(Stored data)
(* Let $X$ be a fragment of $\mathrm{FO}(\lambda)$ that contains all sentences (i.e. $\mathrm{FO}_0(\lambda)\subseteq X$) and the formula $(x_1=x_2)$. Then every modeling $X$-limit of a sequence of weakly uniform $\lambda$-modelings is weakly uniform.
   Context: For a $\lambda$-structure $\mathbf A$ with domain $A$ and a first-order formula $\phi$ with free variables among $x_1,\dots,x_p$, $\Omega_\phi(\mathbf A)=\{(v_1,\dots,v_p)\in A^p:\mathbf A\models\phi(v_1,\dots,v_p)\}$. A relational sample space is a $\lambda$-structure whose domain is a standard Borel space in which every $\Omega_\phi(\mathbf A)$ is measurable in the product $\sigma$-algebra; a $\lambda$-modeling is a relational sample space with a probability measure $\nu_{\mathbf A}$, and $\langle\phi,\mathbf A\rangle=\nu_{\mathbf A}^p(\Omega_\phi(\mathbf A))$ (a finite structure is a modeling with the discrete $\sigma$-algebra and uniform measure). A sequence $(\mathbf A_n)$ of modelings is $X$-convergent if $\langle\phi,\mathbf A_n\rangle$ converges for each $\phi\in X$, and a modeling $\mathbf L$ is a modeling $X$-limit of it if $\langle\phi,\mathbf L\rangle=\lim_n\langle\phi,\mathbf A_n\rangle$ for all $\phi\in X$. A modeling is weakly uniform if all singletons of its domain have the same measure. *)

From HB Require Import structures.
From mathcomp Require Import all_boot all_order all_algebra.
From mathcomp Require Import all_classical all_reals all_analysis.
Set Implicit Arguments. Unset Strict Implicit. Unset Printing Implicit Defensive.
Import Order.TTheory GRing.Theory Num.Theory.
Local Open Scope classical_set_scope.
Local Open Scope ring_scope.

Record signature := Signature { sym : Type ; ar : sym -> nat }.

(* First-order formulas FO(lambda); variable x_{i+1} is represented by index i. *)
Inductive formula (L : signature) : Type :=
  | FEq : nat -> nat -> formula L
  | FRel : forall s : sym L, (ar s).-tuple nat -> formula L
  | FNeg : formula L -> formula L
  | FAnd : formula L -> formula L -> formula L
  | FEx : nat -> formula L -> formula L.

Arguments FEq {L}.

Fixpoint fv (L : signature) (phi : formula L) : seq nat :=
  match phi with
  | FEq i j => [:: i; j]
  | FRel _ a => val a
  | FNeg f => fv f
  | FAnd f g => fv f ++ fv g
  | FEx i f => [seq j <- fv f | j != i]
  end.

Definition free_among (L : signature) (phi : formula L) (p : nat) : Prop :=
  all (fun i => i < p)%N (fv phi).

Definition sentence (L : signature) (phi : formula L) : Prop := fv phi = [::].

Definition fvb (L : signature) (phi : formula L) : nat :=
  foldr maxn 0%N [seq i.+1 | i <- fv phi].

Definition upd (T : Type) (v : nat -> T) (i : nat) (x : T) : nat -> T :=
  fun j => if j == i then x else v j.

Fixpoint sat (L : signature) (T : Type) (rel : forall s : sym L, (ar s).-tuple T -> Prop)
    (v : nat -> T) (phi : formula L) : Prop :=
  match phi with
  | FEq i j => v i = v j
  | FRel s a => rel s (map_tuple v a)
  | FNeg f => ~ sat rel v f
  | FAnd f g => sat rel v f /\ sat rel v g
  | FEx i f => exists x : T, sat rel (upd v i x) f
  end.

(* Omega_phi(A) as a subset of A^p (p-tuples); the default value used for
   indices >= p is irrelevant when phi has its free variables among x_1..x_p. *)
Definition Omega (L : signature) (T : pointedType)
    (rel : forall s : sym L, (ar s).-tuple T -> Prop) (phi : formula L) (p : nat)
    : set (p.-tuple T) :=
  [set t | sat rel (fun i => nth point (val t) i) phi].
Arguments Omega {L T} rel phi p.

(* Standard Borel space: Borel-isomorphic to a Borel subset of the reals. *)
Definition standard_borel (R : realType) d (T : measurableType d) : Prop :=
  exists f : T -> R,
    [/\ injective f, measurable_fun setT f, measurable (range f)
      & forall A : set T, measurable A -> measurable (f @` A)].

(* p-fold product measure nu^p on p-tuples, defined by iterated integration
   (the standard construction of the product measure). *)
Fixpoint prodm (R : realType) d (T : measurableType d) (nu : probability T R) (p : nat)
    : set (p.-tuple T) -> \bar R :=
  match p return set (p.-tuple T) -> \bar R with
  | 0%N => fun S => if `[< S [tuple] >] then 1%E else 0%E
  | q.+1 => fun S => (\int[nu]_x prodm nu (fun t : q.-tuple T => S (cons_tuple x t)))%E
  end.
Arguments prodm {R d T} nu p.

Record modeling (L : signature) (R : realType) := Modeling {
  m_disp : measure_display ;
  m_dom : measurableType m_disp ;
  m_rel : forall s : sym L, (ar s).-tuple m_dom -> Prop ;
  m_std : standard_borel R m_dom ;
  m_meas : forall (phi : formula L) (p : nat), free_among phi p ->
      measurable (Omega m_rel phi p) ;
  m_prob : probability m_dom R }.

(* <phi, A> = nu_A^p (Omega_phi(A)) with p the least admissible arity. *)
Definition stone (L : signature) (R : realType) (phi : formula L) (A : modeling L R)
    : \bar R :=
  prodm (m_prob A) (fvb phi) (Omega (@m_rel L R A) phi (fvb phi)).

Definition weakly_uniform (L : signature) (R : realType) (A : modeling L R) : Prop :=
  forall x y : m_dom A, m_prob A [set x] = m_prob A [set y].

Definition modeling_limit (L : signature) (R : realType) (X : formula L -> Prop)
    (As : nat -> modeling L R) (Lim : modeling L R) : Prop :=
  forall phi, X phi -> (stone phi (As n) @[n --> \oo] --> stone phi Lim).

From HB Require Import structures.
From mathcomp Require Import all_boot all_order all_algebra.
From mathcomp Require Import all_classical all_reals all_analysis.
From mathcomp Require Import measurable_realfun ring lra.
Set Implicit Arguments. Unset Strict Implicit. Unset Printing Implicit Defensive.
Import Order.TTheory GRing.Theory Num.Theory.
Local Open Scope classical_set_scope.
Local Open Scope ring_scope.

(* The sentences "there are at least k elements" take the values 0 and 1, so
   along the sequence the cardinality of the domain eventually agrees with the
   one of the limit.  In a weakly uniform modeling with singleton mass a we have
   <x1 = x2> = a, with a <= 1/k when there are k points and a = 1/k when there
   are exactly k.  In any modeling <x1 = x2> = \int nu{x} dnu(x) dominates
   sum_x nu{x}^2 over every finite set of points.  If the limit is infinite,
   this gives nu{x}^2 <= 1/k for all k, hence nu{x} = 0.  If it has exactly N
   points, then sum_x nu{x} = 1 and sum_x nu{x}^2 <= 1/N: this is the equality
   case of Cauchy-Schwarz, so nu{x} = 1/N for every x. *)

Definition card_ge (T : eqType) (k : nat) : Prop :=
  exists s : seq T, uniq s /\ size s = k.

Section Cardinality.
Variable T : eqType.

Lemma card_ge_or_enum n :
  card_ge T n \/ exists s : seq T, uniq s /\ forall x, x \in s.
Proof.
elim: n => [|n [[s [us ss]]|]]; [by left; exists [::] | | by right].
have [[y ys]|sT] := pselect (exists y, y \notin s).
  by left; exists (y :: s); rewrite /= ys us ss.
right; exists s; split=> // y; apply/negPn/negP => ys.
by apply: sT; exists y.
Qed.

Lemma enum_or_card_ge :
  (exists s : seq T, uniq s /\ forall x, x \in s) \/ forall k, card_ge T k.
Proof.
have [|noenum] := pselect (exists s : seq T, uniq s /\ forall x, x \in s).
  by left.
by right=> k; have [|/noenum] := card_ge_or_enum k.
Qed.

Lemma not_card_ge_enum (s : seq T) :
  (forall x, x \in s) -> ~ card_ge T (size s).+1.
Proof.
move=> sT [s' [us' ss']].
by have := uniq_leq_size us' (fun x _ => sT x); rewrite ss' ltnn.
Qed.

End Cardinality.

Section Formulas.
Variable L : signature.

Definition ftrue : formula L := FNeg (FEx 0 (FNeg (FEq 0 0))).

Fixpoint fdistinct_from (j k : nat) : formula L :=
  if j is j'.+1 then FAnd (fdistinct_from j' k) (FNeg (FEq j' k)) else ftrue.

Fixpoint fdistinct (k : nat) : formula L :=
  if k is k'.+1 then FAnd (fdistinct k') (fdistinct_from k' k') else ftrue.

Fixpoint fexists_seq (l : seq nat) (f : formula L) : formula L :=
  if l is i :: l' then FEx i (fexists_seq l' f) else f.

Definition fatleast (k : nat) : formula L := fexists_seq (iota 0 k) (fdistinct k).

Lemma fv_fdistinct_from j k :
  (j <= k)%N -> all (fun i => i < k.+1)%N (fv (fdistinct_from j k)).
Proof.
elim: j => [|j IH] //= jk; rewrite all_cat IH ?(ltnW jk) //=.
by rewrite andbT !ltnS (ltnW jk) leqnn.
Qed.

Lemma fv_fdistinct k : all (fun i => i < k)%N (fv (fdistinct k)).
Proof.
elim: k => [|k IH] //=; rewrite all_cat fv_fdistinct_from // andbT.
by apply: sub_all IH => i /ltnW.
Qed.

Lemma fv_fexists_seq l f : fv (fexists_seq l f) = [seq j <- fv f | j \notin l].
Proof.
elim: l => [|i l IH] /=; first by rewrite filter_predT.
rewrite IH -filter_predI; apply: eq_filter => j /=.
by rewrite in_cons negb_or andbC.
Qed.

Lemma sentence_fatleast k : sentence (fatleast k).
Proof.
rewrite /sentence /fatleast fv_fexists_seq.
elim: (fv (fdistinct k)) (fv_fdistinct k) => //= i s IH /andP[ik sk].
by rewrite mem_iota ik IH.
Qed.

Variables (T : eqType) (rel : forall s : sym L, (ar s).-tuple T -> Prop).

Lemma sat_ftrue v : sat rel v ftrue.
Proof. by case=> x. Qed.

Lemma sat_fexists_seq l f v :
  sat rel v (fexists_seq l f) <->
  exists w, sat rel (fun j => if j \in l then w j else v j) f.
Proof.
elim: l v => [|i l IH] v /=; first by split=> [h|[w]]; [exists v | ].
have updE w x : (fun j => if j \in l then w j else upd v i x j) =
    (fun j => if j \in i :: l then (if j \in l then w j else x) else v j).
  by apply: funext => j; rewrite /upd in_cons; case: (j \in l); case: eqP.
split=> [[x /IH [w]]|[w hw]].
  by rewrite updE; exists (fun j => if j \in l then w j else x).
exists (w i); apply/IH; exists w; rewrite updE.
suff -> : (fun j => if j \in i :: l then (if j \in l then w j else w i) else v j)
  = (fun j => if j \in i :: l then w j else v j) by [].
by apply: funext => j; rewrite in_cons; case: eqP => [->|_]; case: (_ \in l).
Qed.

**WORK ITEM**.
Set down only the lines above that fall between the line holding "Fixpoint fexists_seq (l" and the line holding "split=> [[x /IH [w]]|[w hw]].", inclusive, keeping each exact.

**REPLY TO THE TASK**.
Fixpoint fexists_seq (l : seq nat) (f : formula L) : formula L :=
  if l is i :: l' then FEx i (fexists_seq l' f) else f.

Definition fatleast (k : nat) : formula L := fexists_seq (iota 0 k) (fdistinct k).

Lemma fv_fdistinct_from j k :
  (j <= k)%N -> all (fun i => i < k.+1)%N (fv (fdistinct_from j k)).
Proof.
elim: j => [|j IH] //= jk; rewrite all_cat IH ?(ltnW jk) //=.
by rewrite andbT !ltnS (ltnW jk) leqnn.
Qed.

Lemma fv_fdistinct k : all (fun i => i < k)%N (fv (fdistinct k)).
Proof.
elim: k => [|k IH] //=; rewrite all_cat fv_fdistinct_from // andbT.
by apply: sub_all IH => i /ltnW.
Qed.

Lemma fv_fexists_seq l f : fv (fexists_seq l f) = [seq j <- fv f | j \notin l].
Proof.
elim: l => [|i l IH] /=; first by rewrite filter_predT.
rewrite IH -filter_predI; apply: eq_filter => j /=.
by rewrite in_cons negb_or andbC.
Qed.

Lemma sentence_fatleast k : sentence (fatleast k).
Proof.
rewrite /sentence /fatleast fv_fexists_seq.
elim: (fv (fdistinct k)) (fv_fdistinct k) => //= i s IH /andP[ik sk].
by rewrite mem_iota ik IH.
Qed.

Variables (T : eqType) (rel : forall s : sym L, (ar s).-tuple T -> Prop).

Lemma sat_ftrue v : sat rel v ftrue.
Proof. by case=> x. Qed.

Lemma sat_fexists_seq l f v :
  sat rel v (fexists_seq l f) <->
  exists w, sat rel (fun j => if j \in l then w j else v j) f.
Proof.
elim: l v => [|i l IH] v /=; first by split=> [h|[w]]; [exists v | ].
have updE w x : (fun j => if j \in l then w j else upd v i x j) =
    (fun j => if j \in i :: l then (if j \in l then w j else x) else v j).
  by apply: funext => j; rewrite /upd in_cons; case: (j \in l); case: eqP.
split=> [[x /IH [w]]|[w hw]].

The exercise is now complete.